▶ WORK TO BE COMPLETED
Somewhere below, one line contains "Proof. by rewrite" and a later line contains "move=> [Buniq [BX". Output those two lines and everything between them exactly, and nothing else.

▶ PROVIDED DATA

Lemma conv_hull_convex P n (w : 'I_n -> R) (f : 'I_n -> 'rV[R]_d) :
  (forall j, 0 <= w j) -> \sum_j w j = 1 ->
  (forall j, w j != 0 -> conv_hull P (f j)) -> conv_hull P (\sum_j w j *: f j).
Proof.
move=> w0 w1 fP.
have /fin_all_exists [v vE] : forall j, exists vj : 'I_(size P) -> R, w j != 0 ->
    [/\ forall i, 0 <= vj i, \sum_i vj i = 1 & f j = \sum_i vj i *: P`_i].
  move=> j; have [_|/fP [vj [vj0 [vj1 fjE]]]] := eqVneq (w j) 0.
    by exists (fun _ => 0).
  by exists vj.
exists (fun i => \sum_j w j * v j i); split; [|split].
- move=> i; apply: sumr_ge0 => j _; have [->|/vE[vj0 _ _]] := eqVneq (w j) 0.
    by rewrite mul0r.
  by rewrite mulr_ge0.
- rewrite exchange_big /= -[RHS]w1; apply: eq_bigr => j _; rewrite -mulr_sumr.
  by have [->|/vE[_ -> _]] := eqVneq (w j) 0; rewrite ?mul0r ?mulr1.
- under [RHS]eq_bigr => i _ do rewrite scaler_suml.
  rewrite exchange_big /=; apply: eq_bigr => j _.
  have [->|/vE[_ _ ->]] := eqVneq (w j) 0.
    by rewrite scale0r big1 // => i _; rewrite mul0r scale0r.
  by rewrite scaler_sumr; apply: eq_bigr => i _; rewrite scalerA.
Qed.

Lemma conv_hull_trans P V x :
  (forall y, y \in P -> conv_hull V y) -> conv_hull P x -> conv_hull V x.
Proof.
move=> PV [w [w0 [w1 ->]]]; apply: conv_hull_convex => // j _.
by apply: PV; rewrite mem_nth.
Qed.

(* If the weights of [p] put positive mass outside [p], renormalising that part writes [p]
   as a convex combination of the other points. *)
Lemma conv_hull_filter_neq P p (g : 'I_(size P) -> R) :
  (forall i, 0 <= g i) -> \sum_i g i = 1 -> p = \sum_i g i *: P`_i ->
  (exists2 i : 'I_(size P), P`_i != p & g i != 0) ->
  conv_hull [seq y <- P | y != p] p.
Proof.
move=> g0 g1 pE [i0 Pi0 gi0].
set r := \sum_(i < size P | P`_i != p) g i.
have r_gt0 : 0 < r.
  rewrite /r (bigD1 i0) //=; apply: ltr_pwDl; first by rewrite lt_def gi0 g0.
  exact: sumr_ge0.
have rest : \sum_(i < size P | P`_i != p) g i *: P`_i = r *: p.
  have := pE; rewrite (bigID (fun i : 'I_(size P) => P`_i == p)) /=.
  have -> : \sum_(i < size P | P`_i == p) g i *: P`_i = (1 - r) *: p.
    rewrite -g1 [\sum_i g i](bigID (fun i : 'I_(size P) => P`_i == p)) /= -/r addrK.
    by rewrite scaler_suml; apply: eq_bigr => i /eqP ->.
  by move=> pE'; apply: (addrI ((1 - r) *: p)); rewrite -pE' scalerBl scale1r subrK.
pose w (i : 'I_(size P)) := if P`_i != p then g i / r else 0.
have wP (i : 'I_(size P)) : w i != 0 -> P`_i \in [seq y <- P | y != p].
  by rewrite /w mem_filter mem_nth // andbT; case: ifP => // _; rewrite eqxx.
have w0 i : 0 <= w i by rewrite /w; case: ifP => // _; rewrite divr_ge0 // ltW.
have w1 : \sum_i w i = 1.
  rewrite (bigID (fun i : 'I_(size P) => P`_i != p)) /=.
  rewrite [X in _ + X]big1 => [|i /negPf]; last by rewrite /w => ->.
  under eq_bigr => i Pi do rewrite /w Pi.
  by rewrite addr0 -mulr_suml mulfV ?gt_eqF.
suff {2}-> : p = \sum_i w i *: P`_i.
  by apply: conv_hull_convex => // i /wP /conv_hull_mem.
rewrite (bigID (fun i : 'I_(size P) => P`_i != p)) /=.
rewrite [X in _ + X]big1 => [|i /negPf]; last by rewrite /w => ->; rewrite scale0r.
under eq_bigr => i Pi do rewrite /w Pi mulrC -scalerA.
by rewrite addr0 -scaler_sumr rest scalerA mulVf ?scale1r ?gt_eqF.
Qed.

Lemma conv_hull_drop_nonvertex P p :
  p \in P -> ~ is_vertex (conv_hull P) p -> conv_hull [seq y <- P | y != p] p.
Proof.
move=> pP nv; apply: NNPP => nc; apply: nv; split; first exact: conv_hull_mem.
move=> _ _ t [a [a0 [a1 ->]]] [b [b0 [b1 ->]]] /andP[t0 t1] pE.
pose g i := t * a i + (1 - t) * b i.
have g0 i : 0 <= g i by rewrite addr_ge0 // mulr_ge0 // ?subr_ge0 ltW.
have g1 : \sum_i g i = 1.
  by rewrite big_split /= -!mulr_sumr a1 b1 !mulr1 addrC subrK.
have pg : p = \sum_i g i *: P`_i.
  rewrite pE /g; under [RHS]eq_bigr => i _ do rewrite scalerDl -!scalerA.
  by rewrite big_split /= -!scaler_sumr.
have ab0 (i : 'I_(size P)) : P`_i != p -> a i = 0 /\ b i = 0.
  move=> Pi; have gi0 : g i = 0.
    apply: NNPP => /eqP gi0; apply: nc.
    by apply: (conv_hull_filter_neq g0 g1 pg); exists i.
  have := a0 i; have := b0 i; rewrite /g in gi0; split; nra.
by split; apply: sum_scale_support1 => // i /ab0 [].
Qed.

Lemma is_vertex_eq (X Y : 'rV[R]_d -> Prop) x :
  (forall y, X y <-> Y y) -> is_vertex X x -> is_vertex Y x.
Proof.
move=> XY [/XY Yx xext]; split=> // y z t /XY Xy /XY Xz; exact: xext.
Qed.

Lemma conv_hull_vertices P : exists V,
  (forall v, v \in V -> is_vertex (conv_hull P) v) /\
  (forall x, conv_hull P x -> conv_hull V x).
Proof.
have [n] := ubnP (size P); elim: n P => // n IH P /ltnSE sizeP.
have [[p [pP nv]] | allv] :=
    classic (exists p, p \in P /\ ~ is_vertex (conv_hull P) p); last first.
  by exists P; split=> // v vP; apply: NNPP => nv; apply: allv; exists v.
set P' := [seq y <- P | y != p].
have PP' x : conv_hull P x <-> conv_hull P' x.
  split; apply: conv_hull_trans => y; last first.
    by rewrite mem_filter => /andP[_ /conv_hull_mem].
  have [-> _ | yp yP] := eqVneq y p; first exact: conv_hull_drop_nonvertex.
  by apply: conv_hull_mem; rewrite mem_filter yp.
have [|V [Vvert P'V]] := IH P'.
  rewrite size_filter (leq_trans _ sizeP) // -(count_predC (fun y => y != p) P).
  rewrite -[X in (X < _)%N]addn0 ltn_add2l -has_count.
  by apply/hasP; exists p => //=; rewrite negbK.
exists V; split=> [v /Vvert | x /PP' /P'V //].
by apply: is_vertex_eq => y; rewrite PP'.
Qed.

End ConvexHull.

Section OptimalSpanningSet.
Variables (R : realType) (d : nat).
Implicit Types (X : 'rV[R]_d -> Prop) (s B : seq 'rV[R]_d) (u b x y : 'rV[R]_d).

Lemma dotvB u x y : dotv u (x - y) = dotv u x - dotv u y.
Proof. by rewrite /dotv -sumrB; apply: eq_bigr => i _; rewrite !mxE mulrBr. Qed.

Lemma aff_comb_of_dependence s (S : pred 'rV[R]_d) (w : 'I_(size s) -> R) i0 :
  uniq s -> \sum_i w i = 0 -> \sum_i w i *: s`_i = 0 -> w i0 != 0 ->
  (forall j, j != i0 -> w j != 0 -> S s`_j) ->
  aff_comb [seq y <- rem s`_i0 s | S y] s`_i0.
Proof.
move=> suniq w0 ws0 wi0 wS; apply/aff_comb_liftv.
have : \sum_i w i *: liftv s`_i = 0.
  by rewrite sum_scale_liftv w0 ws0; apply: row_mx0.
rewrite (bigD1 i0) //= => /eqP; rewrite addr_eq0 => /eqP /(congr1 ( *:%R (w i0)^-1)).
rewrite scalerA mulVf // scale1r => ->.
rewrite memvZ // memvN rpred_sum // => j ji0.
have [-> | wj0] := eqVneq (w j) 0; first by rewrite scale0r mem0v.
rewrite memvZ // memv_span // map_f // mem_filter wS // mem_rem_uniq // inE mem_nth //.
by rewrite nth_uniq // andbT; apply: contra ji0 => /eqP/val_inj ->.
Qed.

Lemma optimal_spanning_set_rem X u B b :
  optimal_spanning_set X u B -> b \in B ->
  aff_comb [seq y <- rem b B | dotv u b <= dotv u y] b ->
  optimal_spanning_set X u (rem b B).
Proof.
move=> [Buniq [BX Bspan]] bB bspan; split; first exact: rem_uniq.
split=> [y | x /Bspan]; first by rewrite mem_rem_uniq // => /andP[_ /BX].
apply: aff_comb_trans => y; rewrite mem_filter => /andP[uxy yB].
have [yb | yb] := eqVneq y b; last first.
  by apply: aff_comb_mem; rewrite mem_filter uxy mem_rem_uniq // inE yb.
rewrite yb in uxy *; apply: aff_comb_sub bspan => z.
rewrite !mem_filter => /andP[ubz ->]; rewrite andbT.
by rewrite dotvB subr_ge0 (le_trans _ ubz) // -subr_ge0 -dotvB.
Qed.

Lemma minimal_optimal_spanning_set_aff_indep X u B :
  minimal_optimal_spanning_set X u B -> aff_indep B.
Proof.
move=> [Bopt Bmin] w w0 wB0 i; apply: NNPP => /eqP wi_neq0.
have [i0 wi0_neq0 i0_min] :=
  arg_minP (P := fun j => w j != 0) (fun j => dotv u B`_j) wi_neq0.
have i0B : B`_i0 \in B by rewrite mem_nth.
have [Buniq _] := Bopt.
apply: (Bmin (rem B`_i0 B)); first exact: rem_uniq.
- by move=> y; rewrite mem_rem_uniq // => /andP[].
- by move=> /(_ _ i0B); rewrite mem_rem_uniq // inE eqxx.
apply: optimal_spanning_set_rem => //.
by apply: (aff_comb_of_dependence (w := w)) => // j _; apply: i0_min.
Qed.

End OptimalSpanningSet.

▶ SOLUTION TO THIS TASK
Proof. by rewrite /dotv -sumrB; apply: eq_bigr => i _; rewrite !mxE mulrBr. Qed.

Lemma aff_comb_of_dependence s (S : pred 'rV[R]_d) (w : 'I_(size s) -> R) i0 :
  uniq s -> \sum_i w i = 0 -> \sum_i w i *: s`_i = 0 -> w i0 != 0 ->
  (forall j, j != i0 -> w j != 0 -> S s`_j) ->
  aff_comb [seq y <- rem s`_i0 s | S y] s`_i0.
Proof.
move=> suniq w0 ws0 wi0 wS; apply/aff_comb_liftv.
have : \sum_i w i *: liftv s`_i = 0.
  by rewrite sum_scale_liftv w0 ws0; apply: row_mx0.
rewrite (bigD1 i0) //= => /eqP; rewrite addr_eq0 => /eqP /(congr1 ( *:%R (w i0)^-1)).
rewrite scalerA mulVf // scale1r => ->.
rewrite memvZ // memvN rpred_sum // => j ji0.
have [-> | wj0] := eqVneq (w j) 0; first by rewrite scale0r mem0v.
rewrite memvZ // memv_span // map_f // mem_filter wS // mem_rem_uniq // inE mem_nth //.
by rewrite nth_uniq // andbT; apply: contra ji0 => /eqP/val_inj ->.
Qed.

Lemma optimal_spanning_set_rem X u B b :
  optimal_spanning_set X u B -> b \in B ->
  aff_comb [seq y <- rem b B | dotv u b <= dotv u y] b ->
  optimal_spanning_set X u (rem b B).
Proof.
move=> [Buniq [BX Bspan]] bB bspan; split; first exact: rem_uniq.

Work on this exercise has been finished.